Avec plus de 10 000 travailleurs inscrits sur la plateforme, JobDay met en relation les particuliers mais aussi les entreprises et les indépendants pour des missions ponctuelles. Rencontre avec sa co-fondatrice Romy Eisemberg, une jeune femme au parcours atypique.

Comment passe-t-on des études d’Histoire au mannequinat, puis à la création d’une entreprise ?

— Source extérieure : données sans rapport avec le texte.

(* Let $\beta>1$ and let $\mathcal{T}$ be a spanning tree of the ladder in the support of $\mathbb{P}$. Let $e=\{(i,h-1),(i,h)\}$ be a horizontal edge of the ray such that the other horizontal edge $\{(1-i,h-1),(1-i,h)\}$ is not in $\mathcal{T}$. Let $Y$ be the walk on the ray (the walk $X$ observed at its times on the ray) started at $(i,h)$. Then $$P^{\mathcal{T}}_{(i,h)}\big[Y_k\ne(i,h-1)\text{ for all }k\ge1\big]\ \ge\ \frac{\beta-1}{2\beta}.$$
   Context: Ladder graph: vertex set $\{0,1\}\times\mathbb{Z}$, vertical edges $z_k=\{(0,k),(1,k)\}$, horizontal edges joining $(i,k-1)$ and $(i,k)$. $\mathbb{P}$ is the law of the random spanning tree of the ladder obtained as the limit of weighted spanning tree measures on finite ladders (weight $c>0$ per vertical edge, $1$ per horizontal edge); a.s. it contains a unique bi-infinite self-avoiding path (the ray). Conductances: $z_k$ and the horizontal edges joining $(i,k-1),(i,k)$ have conductance $\beta^k$. $X$ is the random walk on $\mathcal{T}$ jumping to neighbors with probability proportional to conductances; the walk on the ray $Y$ jumps between ray neighbors with probabilities proportional to the conductances of the ray edges. *)

From HB Require Import structures.
From mathcomp Require Import all_boot all_order all_algebra.
From mathcomp Require Import all_classical all_reals all_analysis.
Set Implicit Arguments. Unset Strict Implicit. Unset Printing Implicit Defensive.
Import Order.TTheory GRing.Theory Num.Theory.
Import numFieldNormedType.Exports.
Local Open Scope classical_set_scope.
Local Open Scope ring_scope.

(* Vertices of the ladder {0,1} x Z ; the boolean encodes the row (false = 0). *)
Definition V := (bool * int)%type.

(* Edges of the ladder:
   (None, k)   = the vertical edge z_k = {(0,k),(1,k)};
   (Some i, k) = the horizontal edge {(i,k-1),(i,k)}. *)
Definition ledge := (option bool * int)%type.

Definition ladder_adj (u v : V) : bool :=
  ((u.2 == v.2) && (u.1 != v.1)) ||
  ((u.1 == v.1) && ((u.2 == v.2 + 1) || (v.2 == u.2 + 1))).

Definition edge_of (u v : V) : ledge :=
  if u.2 == v.2 then (None, u.2) else (Some u.1, Num.max u.2 v.2).

Definition tadj (E : pred ledge) : rel V :=
  fun u v => ladder_adj u v && E (edge_of u v).

Definition tconn (E : pred ledge) (u v : V) : Prop :=
  exists p : seq V, path (tadj E) u p && (last u p == v).

Definition rm_edge (E : pred ledge) (e : ledge) : pred ledge :=
  fun e' => E e' && (e' != e).

Definition acyclic (E : pred ledge) : Prop :=
  forall u v, tadj E u v -> ~ tconn (rm_edge E (edge_of u v)) u v.

Definition spanning_tree (E : pred ledge) : Prop :=
  (forall u v, tconn E u v) /\ acyclic E.

Definition in_winV (n : nat) (u : V) : bool := (- (n%:Z) <= u.2 <= n%:Z).

(* edges of the finite ladder: inl k = vertical edge at height k-n (k <= 2n),
   inr (i,k) = horizontal edge {(i,k-n),(i,k+1-n)} (k < 2n) *)
Definition fedge (n : nat) := ('I_(2 * n + 1) + (bool * 'I_(2 * n)))%type.

Definition emb (n : nat) (f : fedge n) : ledge :=
  match f with
  | inl k => (None, k%:Z - n%:Z)
  | inr (i, k) => (Some i, k%:Z + 1 - n%:Z)
  end.

Definition fcfg (n : nat) (S : {set fedge n}) : pred ledge :=
  fun e => [exists f in S, emb f == e].

Definition is_vert (n : nat) (f : fedge n) : bool :=
  if f is inl _ then true else false.

Definition fspan (n : nat) (S : {set fedge n}) : Prop :=
  (forall u v, in_winV n u -> in_winV n v -> tconn (fcfg S) u v) /\
  acyclic (fcfg S).

Definition fweight (R : realType) (c : R) (n : nat) (S : {set fedge n}) : R :=
  c ^+ #|[set f in S | is_vert f]|.

Definition Pfin (R : realType) (c : R) (n : nat) (A : pred ledge -> Prop) : R :=
  (\sum_(S : {set fedge n} | `[< fspan S /\ A (fcfg S) >]) fweight c S) /
  (\sum_(S : {set fedge n} | `[< fspan S >]) fweight c S).

Definition in_winE (N : nat) (e : ledge) : bool :=
  match e with
  | (None, k) => (- (N%:Z) <= k <= N%:Z)
  | (Some _, k) => (- (N%:Z) < k <= N%:Z)
  end.

Definition cyl (N : nat) (T : pred ledge) : pred ledge -> Prop :=
  fun E => forall e, in_winE N e -> E e = T e.

(* T lies in the support of the limit measure P (weak limit of the Pfin):
   every basic cylinder neighbourhood of T has positive limiting probability *)
Definition in_support (R : realType) (c : R) (T : pred ledge) : Prop :=
  forall N : nat, exists l : R, 0 < l /\ ((fun n => Pfin c n (cyl N T)) @ \oo --> l).

Definition biinf_path (T : pred ledge) (r : int -> V) : Prop :=
  injective r /\ forall j, tadj T (r j) (r (j + 1)).

Definition is_ray (T : pred ledge) (r : int -> V) : Prop :=
  biinf_path T r /\
  (forall r', biinf_path T r' -> forall j, exists j', r' j = r j').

Romy Eisemberg : Mon fil conducteur est la passion. C’est ce qui m’a poussée à faire des études d’Histoire et de philosophie sans m’inquiéter des débouchés, car je savais au final que savoir construire ma pensée m’ouvrirait toujours des portes. En parallèle de mes études, j’ai commencé à faire du mannequinat, là encore, sans trop me poser de questions. A l’heure actuelle, c’est encore ce qui me permet de gagner ma vie.  J’y ai trouvé mon équilibre puisque je gère moi-même mon emploi du temps, même si c’est un métier que je ne conseille pas puisque l’on a jamais de visibilité sur son planning (et donc encore moins sur son salaire). En dehors des top modèles que tout le monde s’arrache, on appelle toujours les mannequins la veille pour le lendemain.

C’est cette manière de se faire recruter dans l’urgence pour de courtes missions qui a inspiré JobDay ?

Romy Eisemberg : En fait, l’idée est venue de mon frère Roman, avec qui j’ai fondé la boîte. Il m’a notamment parlé du cas de son meilleur ami qui dirige une salle de sport, et qui se retrouve régulièrement en galère lorsque l’un de ses professeurs tombe malade et qu’il faut le remplacer au pied levé. Idem pour les saisonniers qui sont souvent obligés de passer par le bouche à oreille.  

Quelle solution propose donc JobDay ?

Romy Eisemberg : JobDay connecte les utilisateurs pour des prestations de missions, soit de particulier à particulier (jardinage, coiffeuse à domicile, babysitter…), soit entre indépendants et entreprises. En revanche, nous ne faisons pas d’intérim. Il ne s’agit que de missions ponctuelles. Pour aider les particuliers et entreprises à faire leur choix, nous avons mis en place un système de badge permettant d’identifier les travailleurs recommandés pour leurs précédentes missions.

Vous êtes en quelque sorte à la croisée de Je me propose et de plateformes type Malt ?

Romy Eisemberg : Effectivement. Nous souhaitons apporter plus de sécurité que sur des plateformes telles que Je me propose ou Le Bon Coin via un système automatisé de facturation et paiement en ligne, afin d’éviter le cas typique de l’artisan qui demande 30% d’acompte et se volatilise avant les travaux. De l’autre côté, Malt est une plateforme spécialisée dans les métiers du web. Nous voulons toucher beaucoup plus de métiers : JobDay va de la distribution de flyers pour un étudiant à une prestation de montage vidéo.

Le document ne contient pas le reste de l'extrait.